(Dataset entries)
◇ ◇ ◇

(* Let $M$ be a separable finite MDP with $p_{\mathrm{maj}},p_{\mathrm{min}}>0$ and agent rewards $\rho$. Consider the linear program (LP) in variables $\lambda\in\mathbb{R}^{S\times A}$, $c\in\mathbb{R}$: maximize $(1-\gamma)^{-1}\sum_{s\in S}\sum_{a\in A}\lambda_{s,a}R_{s,a}$ subject to $\lambda_{s,a}\ge0$ for all $s,a$; $\sum_{a}\lambda_{s',a}=(1-\gamma)D_{s'}+\gamma\sum_{s}\sum_{a}\lambda_{s,a}P_{s,a,s'}$ for all $s'\in S$; $p_z^{-1}\sum_{\tilde s\in\tilde S}\sum_{a\in A}\lambda_{(z,\tilde s),a}\rho_{(z,\tilde s),a}=c$ for all $z\in Z$. Given an optimal solution $(\lambda^*,c^* )$, define $\pi^*_{s,a}=\lambda^*_{s,a}/\sum_{a'}\lambda^*_{s,a'}$ whenever $\sum_{a'}\lambda^*_{s,a'}>0$, and let $\pi^*_{s,\cdot}$ be an arbitrary probability distribution on $A$ otherwise. Then the LP is feasible if and only if $\Pi_{\mathrm{DP}}\neq\varnothing$; and in that case the LP has an optimal solution, and for every optimal solution $(\lambda^*,c^* )$ the policy $\pi^*$ is an optimal solution of problem (P), with $R^{(\pi^* )}$ equal to the optimal value of the LP.
   Context: A finite MDP is $M=(S,A,D,P,R,\gamma)$ where $S,A$ are finite nonempty sets, $D$ is a probability distribution on $S$, $P_{s,a,s'}\ge 0$ with $\sum_{s'}P_{s,a,s'}=1$ for all $s,a$, $R\in\mathbb{R}^{S\times A}$, and $\gamma\in(0,1)$. A policy is $\pi\in\mathbb{R}^{S\times A}$ with $\pi_{s,a}\ge0$ and $\sum_a\pi_{s,a}=1$. Let $P^{(\pi)}_{s,s'}=\sum_a\pi_{s,a}P_{s,a,s'}$. For a distribution $\mu$ on $S$ set $\mu^{(\pi,0)}=\mu$, $\mu^{(\pi,t)}_{s'}=\sum_s\mu^{(\pi,t-1)}_sP^{(\pi)}_{s,s'}$, and $\mu^{(\pi)}=(1-\gamma)\sum_{t\ge0}\gamma^t\mu^{(\pi,t)}$. Write $D^{(\pi)}$ for $\mu=D$, $\Lambda^{(\pi)}_{s,a}=D^{(\pi)}_s\pi_{s,a}$, and $R^{(\pi)}=(1-\gamma)^{-1}\sum_{s,a}\Lambda^{(\pi)}_{s,a}R_{s,a}$. Fairness setup: $S=Z\times\tilde S$ with $Z=\{\mathrm{maj},\mathrm{min}\}$ and $\tilde S$ finite nonempty; agent rewards $\rho\in\mathbb{R}^{S\times A}$. For $z\in Z$, $p_z=\sum_{\tilde s}D_{(z,\tilde s)}$, $D_z$ is the distribution $(D_z)_s=D_s\cdot\mathbb{I}[s=(z,\tilde s)\text{ for some }\tilde s]/p_z$, $D_z^{(\pi)}$ is $\mu^{(\pi)}$ for $\mu=D_z$, $(\Lambda_z^{(\pi)})_{s,a}=(D_z^{(\pi)})_s\pi_{s,a}$, and $\rho_z^{(\pi)}=\sum_{s,a}(\Lambda_z^{(\pi)})_{s,a}\rho_{s,a}$. A policy satisfies demographic parity if $\rho_{\mathrm{maj}}^{(\pi)}=\rho_{\mathrm{min}}^{(\pi)}$; $\Pi_{\mathrm{DP}}$ is the set of such policies. Problem (P): maximize $R^{(\pi)}$ over $\pi\in\Pi_{\mathrm{DP}}$. The MDP is separable if there is a transition kernel $\tilde P$ on $\tilde S$ (i.e. $\tilde P_{\tilde s,a,\tilde s'}\ge0$, $\sum_{\tilde s'}\tilde P_{\tilde s,a,\tilde s'}=1$) such that $P_{(z,\tilde s),a,(z',\tilde s')}=\mathbb{I}[z=z']\,\tilde P_{\tilde s,a,\tilde s'}$ for all $z,z'\in Z$, $\tilde s,\tilde s'\in\tilde S$, $a\in A$. *)

From mathcomp Require Import all_boot.
From Stdlib Require Import Reals ClassicalEpsilon.
Set Implicit Arguments. Unset Strict Implicit. Unset Printing Implicit Defensive.
Open Scope R_scope.

Definition sumR (T : finType) (F : T -> R) : R := \big[Rplus/0]_(i : T) F i.

(* The group set Z = {maj, min} is encoded as bool: maj = true, min = false. *)
Definition maj : bool := true.
Definition min : bool := false.

Section MDP.
Variables (St A : finType).
Definition S := (bool * St)%type.

Definition is_distr (T : finType) (d : T -> R) : Prop :=
  (forall x, 0 <= d x) /\ sumR d = 1.

Definition is_kernel (T : finType) (P : T -> A -> T -> R) : Prop :=
  forall s a, is_distr (P s a).
(* Let $X$ and $Y$ be non-negative random variables with absolutely continuous distribution functions $F$ and $G$ (survival functions $\bar F=1-F$, $\bar G=1-G$), and let $\alpha,\beta>0$. Define $$R_{\alpha,\beta}(\bar F,\bar G,t)=\int_t^\infty\left(\frac{\bar F(x)}{\bar F(t)}\right)^{\alpha}\left(\frac{\bar G(x)}{\bar G(t)}\right)^{\beta}dx,\quad t\ge0.$$ If $R_{\alpha,\beta}(\bar F,\bar G,t)=c$ for all $t\ge 0$, where $c$ is a positive constant, then $F$ is an exponential distribution if and only if $G$ is an exponential distribution.
   Context: $R_{\alpha,\beta}(\bar F,\bar G,t)$ is the dynamic relative cumulative residual information measure between the residual lives $(X-t\mid X>t)$ and $(Y-t\mid Y>t)$. *)

From HB Require Import structures.
From mathcomp Require Import all_boot all_order all_algebra.
From mathcomp Require Import all_classical all_reals all_analysis.
Set Implicit Arguments. Unset Strict Implicit. Unset Printing Implicit Defensive.
Import Order.TTheory GRing.Theory Num.Theory.
Local Open Scope classical_set_scope.
Local Open Scope ring_scope.

Definition nonneg_abs_cont_cdf {R : realType} (F : R -> R) : Prop :=
  (exists f : R -> R,
      measurable_fun setT f /\ (forall x, 0 <= f x) /\
      ((\int[@lebesgue_measure R]_(y in setT) (f y)%:E)%E = 1%E) /\
      (forall x, (F x)%:E = (\int[@lebesgue_measure R]_(y in `]-oo, x]) (f y)%:E)%E))
  /\ (forall x, x < 0 -> F x = 0).

Definition survival {R : realType} (F : R -> R) : R -> R := fun x => 1 - F x.
Lemma normrM_le_amgm {R : realFieldType} (p q x : R) : 0 < x ->
  `|p * q| <= (p ^+ 2 + q ^+ 2 / x ^+ 2) * x / 2.
Proof.
move=> x0; have xV : x * x^-1 = 1 by rewrite mulfV // gt_eqF.
rewrite -exprVn -[p ^+ 2]real_normK ?num_real //.
rewrite -[q ^+ 2]real_normK ?num_real //.
rewrite normrM; set P := `|p|; set Q := `|q|; set y := x^-1.
have := mulr_ge0 (sqr_ge0 (P - Q * y)) (ltW x0).
have PQ : P * Q * (x * y) = P * Q by rewrite xV mulr1.
nra.
Qed.

Lemma dist_le_between {R : realDomainType} {p q c y eta : R} :
  Num.min p q <= c <= Num.max p q ->
  `|y - p| <= eta -> `|y - q| <= eta -> `|c - y| <= eta.
Proof.
case/orP: (le_total p q) => [pq|qp].
  rewrite (min_idPl pq) (max_idPr pq) !ler_norml; lra.
rewrite (min_idPr qp) (max_idPl qp) !ler_norml; lra.
Qed.

(* Unlike [ge0_subset_integral], no measurability is needed: both integrals
   are suprema over simple functions below [f], and [A `<=` B] only enlarges
   the set of competitors. *)
Lemma ge0_subset_integral_le d (T : measurableType d) (R : realType)
    (mu : {measure set T -> \bar R}) (A B : set T) (f : T -> \bar R) :
  (forall x, B x -> (0 <= f x)%E) -> A `<=` B ->
  (\int[mu]_(x in A) f x <= \int[mu]_(x in B) f x)%E.
Proof.
move=> f0 AB; rewrite ge0_integralE; last by move=> x /AB /f0.
rewrite [leRHS]ge0_integralE //.
apply: le_ereal_sup => _ [h hf <-]; exists h => //= x.
apply: le_trans (hf x) _; rewrite /patch; case: ifPn => [|_].
  by rewrite !inE => /AB Bx; rewrite mem_set.
by case: ifPn => // /set_mem /f0.
Qed.

Section itv_integrals.
Context {R : realType}.
Local Notation mu := (@lebesgue_measure R).

Lemma ge0_integral_itv_ococ_split (f : R -> \bar R) (s t w : R) :
  s <= t -> t <= w -> measurable_fun `]s, w] f ->
  (forall x, `]s, w]%classic x -> (0 <= f x)%E) ->
  (\int[mu]_(x in `]s, w]) f x =
   \int[mu]_(x in `]s, t]) f x + \int[mu]_(x in `]t, w]) f x)%E.
Proof.
move=> st tw mf f0.
have sw : `]s, w]%classic = `]s, t]%classic `|` `]t, w]%classic :> set R.
  by apply: itv_bndbnd_setU; rewrite bnd_simp.
rewrite sw ge0_integral_setU //; rewrite -?sw //.
apply/disj_setPS => x [] /=; rewrite !in_itv /= => /andP[_ xt] /andP[tx _].
by move: (lt_le_trans tx xt); rewrite ltxx.
Qed.

Lemma dist_le_integral_of_local (F g : R -> R) (a b d : R) :
  a <= b -> 0 < d -> measurable_fun `]a, b] g -> (forall x, 0 <= g x) ->
  (forall s t, a <= s -> s <= t -> t <= b -> t - s < d ->
     (`|F t - F s|%:E <= \int[mu]_(x in `]s, t]) (g x)%:E)%E) ->
  (`|F b - F a|%:E <= \int[mu]_(x in `]a, b]) (g x)%:E)%E.
Proof.
move=> ab d0 mg g0 local.
have mgS s w : a <= s -> w <= b -> measurable_fun `]s, w] (EFin \o g).
  move=> aS wb; apply/measurable_EFinP; apply: measurable_funS mg => //= x.
  rewrite /= !in_itv /= => /andP[sx xw].
  by rewrite (le_lt_trans aS sx) (le_trans xw).
suff steps n s : a <= s -> s <= b -> b - s <= n%:R * (d / 2) ->
    (`|F b - F s|%:E <= \int[mu]_(x in `]s, b]) (g x)%:E)%E.
  have ba0 : 0 <= (b - a) / (d / 2) by apply: divr_ge0; lra.
  apply: (steps (Num.bound ((b - a) / (d / 2))) a) => //.
  by rewrite -ler_pdivrMr ?ltW ?archi_boundP //; lra.
elim: n s => [|n IH] s aS sb sn.
  have -> : s = b by move: sn; rewrite mul0r; lra.
  by rewrite subrr normr0; apply: integral_ge0 => x _; rewrite lee_fin.
have [|dbs] := ltP (b - s) d; first exact: local.
pose t := s + d / 2.
have st : s <= t by rewrite /t; lra.
have tb : t <= b by rewrite /t; lra.
rewrite (@ge0_integral_itv_ococ_split _ s t b st tb (mgS _ _ aS (lexx b))).
  2: by move=> x _; rewrite lee_fin.
apply: le_trans (leeD (local s t aS st tb _) (IH t (le_trans aS st) tb _)).
- rewrite -EFinD lee_fin (_ : F b - F s = (F t - F s) + (F b - F t)).
    exact: ler_normD.
  by ring.
- by rewrite /t; lra.
- by move: sn; rewrite -natr1 /t; lra.
Qed.

End itv_integrals.

Section has_loc_deriv.
Context {R : realType} {u ur : R -> R}.
Hypothesis hu : has_loc_deriv u ur.
Local Notation mu := (@lebesgue_measure R).

Lemma has_loc_deriv_continuous {a b : R} : 0 < a -> a <= b ->
  {within `[a, b], continuous u}.
Proof.
move=> a0 ab.
apply: (@subspace_eq_continuous _ _ _
  (fun x => u a + parameterized_integral mu a x ur)).
  move=> x; rewrite inE /= in_itv /= => /andP[ax _].
  by rewrite /parameterized_integral -(hu.2 a x a0 ax) addrC subrK.
move=> x; apply: cvgD; first exact: cvg_cst.
exact: parameterized_integral_continuous ab (hu.1 a b a0 ab) x.
Qed.

Lemma has_loc_deriv_uniform {a b eta : R} : 0 < a -> a <= b -> 0 < eta ->
  exists2 d, 0 < d & forall x y, a <= x -> x <= y -> y <= b -> y - x < d ->
    `|u y - u x| < eta.
Proof.
move=> a0 ab eta0.
have int_ur : mu.-integrable setT (EFin \o ur \_ `[a, b]).
  rewrite -restrict_EFin; apply/integrable_restrict => //=.
  by rewrite setTI; exact: hu.1.
have [d [d0 small]] := integral_normr_continuous int_ur eta0.
exists d => // x y ax xy yb yxd.
rewrite (hu.2 x y (lt_le_trans a0 ax) xy).
apply: le_lt_trans (le_normr_Rintegral _ _) _ => //.
  exact: hu.1 (lt_le_trans a0 ax) xy.
have -> : \int[mu]_(t in `[x, y]) `|ur t| =
    \int[mu]_(t in `[x, y]) `|(ur \_ `[a, b]) t|.
  apply: eq_Rintegral => t; rewrite inE /= in_itv /= => /andP[xt ty].
  by rewrite patchE mem_set //= in_itv /= (le_trans ax xt) (le_trans ty yb).
apply: small => //; have /= -> := lebesgue_measure_itv `[x, y].
by case: ifP => _; rewrite ?lte_fin // -EFinD lte_fin.
Qed.

Lemma has_loc_deriv_integrable {a b : R} : 0 < a -> a <= b ->
  mu.-integrable `]a, b] (EFin \o ur).
Proof.
move=> a0 ab; apply: integrableS (hu.1 a b a0 ab) => //.
by apply: subset_itvScc; rewrite bnd_simp.
Qed.

Lemma measurable_loc_deriv {a b : R} : 0 < a -> a <= b ->
  measurable_fun `]a, b] ur.
Proof.
by move=> a0 ab; have /integrableP[/measurable_EFinP] :=
  has_loc_deriv_integrable a0 ab.
Qed.

Lemma measurable_loc_prim {a b : R} : 0 < a -> a <= b ->
  measurable_fun `]a, b] u.
Proof.
move=> a0 ab; apply: (@measurable_funS _ _ _ _ `[a, b]) => //.
  by apply: subset_itvScc; rewrite bnd_simp.
apply: subspace_continuous_measurable_fun => //.
exact: has_loc_deriv_continuous.
Qed.

Lemma dist_le_integral_loc_deriv {a b : R} : 0 < a -> a <= b ->
  `|u b - u a| <= \int[mu]_(x in `]a, b]) `|ur x|.
Proof.
move=> a0 ab; rewrite (hu.2 a b a0 ab).
rewrite -(Rintegral_itv_obnd_cbnd (has_loc_deriv_integrable a0 ab)).
exact/le_normr_Rintegral/has_loc_deriv_integrable.
Qed.

Lemma measurable_sin_loc_prim {a b : R} : 0 < a -> a <= b ->
  measurable_fun `]a, b] (fun x => `|sin (u x)|).
Proof.
move=> a0 ab; apply: (measurableT_comp (g := sin \o u)) => //.
apply: measurableT_comp; last exact: measurable_loc_prim a0 ab.
by apply: continuous_measurable_fun; exact: continuous_sin.
Qed.

(* By the MVT, [cos (u t) - cos (u s) = - sin c * (u t - u s)] with [c]
   between [u s] and [u t], hence within [eta] of every [u x], x in [s, t]. *)
Lemma cos_dist_le_local {s t eta : R} : 0 < s -> s <= t ->
  (forall x, s <= x <= t -> `|u x - u s| <= eta /\ `|u x - u t| <= eta) ->
  (`|cos (u t) - cos (u s)|%:E <=
   \int[mu]_(x in `]s, t]) ((`|sin (u x)| + eta) * `|ur x|)%:E)%E.
Proof.
move=> s0 st osc.
have int_ur := integrable_abse (has_loc_deriv_integrable s0 st).
have mur := measurable_loc_deriv s0 st.
have [c [c_between ->]] := cos_MVT (u s) (u t).
rewrite normrM normrN.
apply: (@le_trans _ _ (`|sin c| * \int[mu]_(x in `]s, t]) `|ur x|)%:E).
  by rewrite lee_fin ler_wpM2l // dist_le_integral_loc_deriv.
rewrite EFinM /Rintegral fineK ?(integrable_fin_num _ int_ur) //.
rewrite -integralZl //; under eq_integral do rewrite -EFinM.
apply: ge0_le_integral => //.
- by apply/measurable_EFinP/measurable_funM => //; exact: measurableT_comp.
- apply/measurable_EFinP/measurable_funM; last exact: measurableT_comp.
  exact: measurable_funD (measurable_sin_loc_prim s0 st) _.
move=> x; rewrite /= in_itv /= => /andP[sx xt]; rewrite lee_fin ler_wpM2r //.
have /osc[osc_s osc_t] : s <= x <= t by rewrite (ltW sx) xt.
have := dist_le_between c_between osc_s osc_t.
have := sin_dist_le c (u x); have := lerB_dist (sin c) (sin (u x)); lra.
Qed.

Lemma cos_dist_le_integral_eta {a b eta : R} : 0 < a -> a <= b -> 0 < eta ->
  (`|cos (u b) - cos (u a)|%:E <=
   \int[mu]_(x in `]a, b]) ((`|sin (u x)| + eta) * `|ur x|)%:E)%E.
Proof.
move=> a0 ab eta0.
have [d d0 unif] := has_loc_deriv_uniform a0 ab eta0.
apply: (@dist_le_integral_of_local _ (cos \o u) _ a b d) => //.
- apply: measurable_funM.
    exact: measurable_funD (measurable_sin_loc_prim a0 ab) _.
  exact: measurableT_comp (measurable_loc_deriv a0 ab).
- by move=> x; rewrite mulr_ge0 // addr_ge0 // ltW.
move=> s t aS st tb tsd; apply: cos_dist_le_local => // [|x /andP[sx xt]].
  exact: lt_le_trans aS.
by split; [|rewrite distrC]; apply/ltW/unif; lra.
Qed.

Lemma cos_dist_le_integral {a b : R} : 0 < a -> a <= b ->
  (`|cos (u b) - cos (u a)|%:E <=
   \int[mu]_(x in `]a, b]) (`|sin (u x)| * `|ur x|)%:E)%E.
Proof.
move=> a0 ab; apply/lee_addgt0Pr => e e0.
have int_ur := integrable_abse (has_loc_deriv_integrable a0 ab).
have mur := measurable_loc_deriv a0 ab.
have msin := measurable_sin_loc_prim a0 ab.
set C := \int[mu]_(x in `]a, b]) `|ur x|.
have C0 : 0 <= C by apply: Rintegral_ge0.
pose eta := e / (C + 1).
have eta0 : 0 < eta by rewrite divr_gt0 // ltr_wpDl.
apply: le_trans (cos_dist_le_integral_eta a0 ab eta0) _.
under eq_integral do rewrite mulrDl EFinD.
rewrite ge0_integralD //; last 3 first.
- by apply/measurable_EFinP/measurable_funM => //; exact: measurableT_comp.
- by move=> x _; rewrite lee_fin mulr_ge0 // ltW.
- by apply/measurable_EFinP/measurable_funM => //; exact: measurableT_comp.
apply: leeD => //; under eq_integral do rewrite EFinM.
rewrite integralZl // -(fineK (integrable_fin_num _ int_ur)) //.
rewrite -EFinM lee_fin -/(Rintegral _ _ _) -/C /eta.
rewrite mulrAC ler_pdivrMr ?ltr_wpDl // ler_pM2l //; lra.
Qed.

End has_loc_deriv.

Definition energy_density {R : realType} (m : nat) (u ur : R -> R)
    (r : R) : R :=
  ((ur r) ^+ 2 + (m%:R) ^+ 2 * (sin (u r)) ^+ 2 / r ^+ 2) * r / 2.

Section energy_bounds.
Context {R : realType} (m : nat) {u ur : R -> R}.
Hypothesis hu : has_loc_deriv u ur.
Local Notation mu := (@lebesgue_measure R).
Local Notation energy_density := (energy_density m u ur).

Lemma sin_deriv_le_energy_density {r : R} : 0 < r ->
  m%:R * (`|sin (u r)| * `|ur r|) <= energy_density r.
Proof.
move=> r0; have := normrM_le_amgm (ur r) (m%:R * sin (u r)) r r0.
rewrite /energy_density exprMn !normrM (ger0_norm (ler0n _ _)); lra.
Qed.

Lemma energy_density_ge0 {r : R} : 0 < r -> 0 <= energy_density r.
Proof.
move=> r0; apply: le_trans (sin_deriv_le_energy_density r0).
by rewrite !mulr_ge0.
Qed.

Lemma measurable_energy_density {a b : R} : 0 < a -> a <= b ->
  measurable_fun `]a, b] energy_density.
Proof.
move=> a0 ab.
have mu' := measurable_loc_prim hu a0 ab.
have mur := measurable_loc_deriv hu a0 ab.
have mV : measurable_fun `]a, b] (@GRing.inv R).
  apply: subspace_continuous_measurable_fun => //.
  apply: continuous_in_subspaceT => x; rewrite inE /= in_itv /= => /andP[ax _].
  by apply: inv_continuous; rewrite gt_eqF // (lt_trans a0 ax).
rewrite (_ : energy_density = fun x =>
  ((ur x) ^+ 2 + (m%:R) ^+ 2 * (sin (u x)) ^+ 2 * (x^-1) ^+ 2) * x / 2).
  apply: measurable_funM => //; apply: measurable_funM => //.
  apply: measurable_funD; first exact: measurable_funX mur.
  apply: measurable_funM; last exact: measurable_funX.
  apply: measurable_funM => //; apply: measurable_funX.
  apply: measurableT_comp mu'.
  by apply: continuous_measurable_fun; exact: continuous_sin.
by apply: funext => x; rewrite /energy_density exprVn.
Qed.

Lemma cos_dist_le_energy_itv {a b : R} : 0 < a -> a <= b ->
  ((m%:R * `|cos (u b) - cos (u a)|)%:E <=
   \int[mu]_(x in `]a, b]) (energy_density x)%:E)%E.
Proof.
move=> a0 ab.
have msin := measurable_sin_loc_prim hu a0 ab.
have mur := measurable_loc_deriv hu a0 ab.
rewrite EFinM.
apply: le_trans (lee_wpmul2l _ (cos_dist_le_integral hu a0 ab)) _.
  by rewrite lee_fin.
rewrite -ge0_integralZl_EFin //; last first.
  by apply/measurable_EFinP/measurable_funM => //; exact: measurableT_comp.
under eq_integral do rewrite -EFinM.
apply: ge0_le_integral => //.
- apply/measurable_EFinP/measurable_funM => //.
  by apply/measurable_funM => //; exact: measurableT_comp.
- by apply/measurable_EFinP; exact: measurable_energy_density.
move=> x; rewrite /= in_itv /= => /andP[ax _]; rewrite lee_fin.
exact/sin_deriv_le_energy_density/(lt_trans a0 ax).
Qed.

◇ ◇ ◇

### [Work request]
Return a copy of each line in the entries that carries the string "under".

### [Output for this task]
rewrite -integralZl //; under eq_integral do rewrite -EFinM.
under eq_integral do rewrite mulrDl EFinD.
apply: leeD => //; under eq_integral do rewrite EFinM.
under eq_integral do rewrite -EFinM.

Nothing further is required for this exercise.